#### Aim of the task
Scan the records beneath this line for the line holding "rewrite <- rsum_scal_l." and the line holding "apply wfun_nonneg; auto;", then transcribe exactly those two and all lines between.

#### Excerpted data
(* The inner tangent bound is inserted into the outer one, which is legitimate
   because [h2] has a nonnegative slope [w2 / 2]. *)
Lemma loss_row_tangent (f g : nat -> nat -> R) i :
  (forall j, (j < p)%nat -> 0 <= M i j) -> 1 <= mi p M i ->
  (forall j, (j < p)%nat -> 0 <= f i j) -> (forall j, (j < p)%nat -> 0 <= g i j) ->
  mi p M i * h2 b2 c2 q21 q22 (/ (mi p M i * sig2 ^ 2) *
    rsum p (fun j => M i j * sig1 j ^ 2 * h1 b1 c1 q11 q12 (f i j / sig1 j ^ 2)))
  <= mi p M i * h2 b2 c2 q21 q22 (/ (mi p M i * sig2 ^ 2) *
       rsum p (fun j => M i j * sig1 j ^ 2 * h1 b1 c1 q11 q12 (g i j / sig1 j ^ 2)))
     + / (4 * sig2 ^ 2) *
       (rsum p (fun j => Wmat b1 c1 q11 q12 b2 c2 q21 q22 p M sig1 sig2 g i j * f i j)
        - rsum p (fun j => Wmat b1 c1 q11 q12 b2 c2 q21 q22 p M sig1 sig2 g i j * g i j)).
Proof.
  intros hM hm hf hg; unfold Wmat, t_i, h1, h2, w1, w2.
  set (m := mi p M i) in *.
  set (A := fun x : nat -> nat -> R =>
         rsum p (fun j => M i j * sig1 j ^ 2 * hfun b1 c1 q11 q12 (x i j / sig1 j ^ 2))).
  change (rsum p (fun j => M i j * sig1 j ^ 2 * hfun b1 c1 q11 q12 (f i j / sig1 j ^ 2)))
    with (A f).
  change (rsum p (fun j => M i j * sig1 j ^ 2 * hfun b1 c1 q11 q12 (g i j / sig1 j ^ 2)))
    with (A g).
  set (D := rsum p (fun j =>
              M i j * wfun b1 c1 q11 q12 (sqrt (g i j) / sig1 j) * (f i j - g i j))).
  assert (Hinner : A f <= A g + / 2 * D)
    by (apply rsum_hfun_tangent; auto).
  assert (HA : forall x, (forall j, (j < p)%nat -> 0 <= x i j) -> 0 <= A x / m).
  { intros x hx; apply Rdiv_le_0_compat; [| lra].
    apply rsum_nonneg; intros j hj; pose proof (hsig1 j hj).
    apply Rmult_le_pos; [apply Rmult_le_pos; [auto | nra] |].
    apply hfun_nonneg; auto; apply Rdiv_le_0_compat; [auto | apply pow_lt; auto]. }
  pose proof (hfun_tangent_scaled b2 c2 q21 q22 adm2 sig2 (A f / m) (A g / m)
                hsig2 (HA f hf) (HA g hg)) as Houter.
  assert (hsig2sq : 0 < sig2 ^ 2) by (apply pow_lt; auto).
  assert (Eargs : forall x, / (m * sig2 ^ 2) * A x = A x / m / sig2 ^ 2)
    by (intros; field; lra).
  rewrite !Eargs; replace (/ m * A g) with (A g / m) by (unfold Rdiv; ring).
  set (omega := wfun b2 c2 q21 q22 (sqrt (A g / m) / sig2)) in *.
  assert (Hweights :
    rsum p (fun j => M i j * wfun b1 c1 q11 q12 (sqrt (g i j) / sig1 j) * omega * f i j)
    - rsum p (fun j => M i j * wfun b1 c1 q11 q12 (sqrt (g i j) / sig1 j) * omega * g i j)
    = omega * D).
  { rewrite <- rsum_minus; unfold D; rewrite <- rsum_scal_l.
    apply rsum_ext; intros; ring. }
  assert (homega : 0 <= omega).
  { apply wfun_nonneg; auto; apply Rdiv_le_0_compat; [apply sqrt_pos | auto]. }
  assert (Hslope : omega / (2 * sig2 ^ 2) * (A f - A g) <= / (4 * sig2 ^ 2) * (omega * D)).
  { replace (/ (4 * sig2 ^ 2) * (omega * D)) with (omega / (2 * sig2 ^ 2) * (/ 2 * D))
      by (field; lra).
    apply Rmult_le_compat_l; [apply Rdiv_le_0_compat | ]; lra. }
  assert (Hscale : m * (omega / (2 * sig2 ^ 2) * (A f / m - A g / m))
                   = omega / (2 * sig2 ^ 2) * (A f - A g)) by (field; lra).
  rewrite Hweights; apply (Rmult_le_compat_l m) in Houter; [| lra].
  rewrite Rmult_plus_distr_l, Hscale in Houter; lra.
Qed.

...

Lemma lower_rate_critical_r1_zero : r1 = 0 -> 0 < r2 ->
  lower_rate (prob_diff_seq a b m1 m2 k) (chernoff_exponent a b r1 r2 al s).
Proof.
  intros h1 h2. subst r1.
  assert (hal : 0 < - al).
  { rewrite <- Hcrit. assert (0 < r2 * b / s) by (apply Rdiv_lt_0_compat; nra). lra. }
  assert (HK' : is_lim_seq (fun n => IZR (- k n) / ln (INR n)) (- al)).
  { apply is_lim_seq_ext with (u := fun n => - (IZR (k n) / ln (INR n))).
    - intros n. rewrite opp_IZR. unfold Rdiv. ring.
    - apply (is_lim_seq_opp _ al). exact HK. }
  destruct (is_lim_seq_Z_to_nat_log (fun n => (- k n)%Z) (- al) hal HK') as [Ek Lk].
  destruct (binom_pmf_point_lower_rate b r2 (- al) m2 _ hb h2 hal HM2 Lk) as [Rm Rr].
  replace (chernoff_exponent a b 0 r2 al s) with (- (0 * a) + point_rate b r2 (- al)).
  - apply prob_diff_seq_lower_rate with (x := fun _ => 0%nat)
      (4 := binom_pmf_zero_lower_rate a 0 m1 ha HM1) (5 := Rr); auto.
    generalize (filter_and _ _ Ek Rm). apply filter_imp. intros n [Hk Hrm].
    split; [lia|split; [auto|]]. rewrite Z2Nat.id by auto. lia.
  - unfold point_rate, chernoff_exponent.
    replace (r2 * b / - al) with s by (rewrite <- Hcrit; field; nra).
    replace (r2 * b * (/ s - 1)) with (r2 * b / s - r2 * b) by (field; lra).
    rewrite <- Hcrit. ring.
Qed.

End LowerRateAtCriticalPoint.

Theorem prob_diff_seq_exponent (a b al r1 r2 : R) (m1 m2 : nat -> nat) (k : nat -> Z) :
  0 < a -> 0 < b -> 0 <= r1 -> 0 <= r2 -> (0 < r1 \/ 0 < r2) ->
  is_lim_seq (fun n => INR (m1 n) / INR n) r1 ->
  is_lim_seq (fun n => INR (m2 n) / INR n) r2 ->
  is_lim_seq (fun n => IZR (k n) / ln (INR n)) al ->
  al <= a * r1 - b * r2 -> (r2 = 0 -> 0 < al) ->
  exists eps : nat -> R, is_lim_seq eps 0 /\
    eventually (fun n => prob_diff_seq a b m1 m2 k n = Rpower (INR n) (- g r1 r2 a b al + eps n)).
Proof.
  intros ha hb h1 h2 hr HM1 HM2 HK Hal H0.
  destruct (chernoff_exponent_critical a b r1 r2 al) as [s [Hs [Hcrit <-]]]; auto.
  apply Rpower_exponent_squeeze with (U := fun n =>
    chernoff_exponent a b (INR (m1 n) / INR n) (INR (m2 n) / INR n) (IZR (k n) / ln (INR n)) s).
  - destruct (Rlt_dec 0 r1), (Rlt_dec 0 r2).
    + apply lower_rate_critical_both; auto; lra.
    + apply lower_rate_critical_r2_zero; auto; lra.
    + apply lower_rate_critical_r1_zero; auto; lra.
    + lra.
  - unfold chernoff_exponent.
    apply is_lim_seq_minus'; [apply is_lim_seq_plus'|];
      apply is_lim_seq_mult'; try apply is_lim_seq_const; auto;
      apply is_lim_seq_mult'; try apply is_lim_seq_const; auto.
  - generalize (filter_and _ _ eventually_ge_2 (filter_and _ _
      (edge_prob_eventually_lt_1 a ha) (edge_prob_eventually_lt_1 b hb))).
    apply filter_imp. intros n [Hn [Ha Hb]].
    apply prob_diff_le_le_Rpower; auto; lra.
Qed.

#### Output below
  { rewrite <- rsum_minus; unfold D; rewrite <- rsum_scal_l.
    apply rsum_ext; intros; ring. }
  assert (homega : 0 <= omega).
  { apply wfun_nonneg; auto; apply Rdiv_le_0_compat; [apply sqrt_pos | auto]. }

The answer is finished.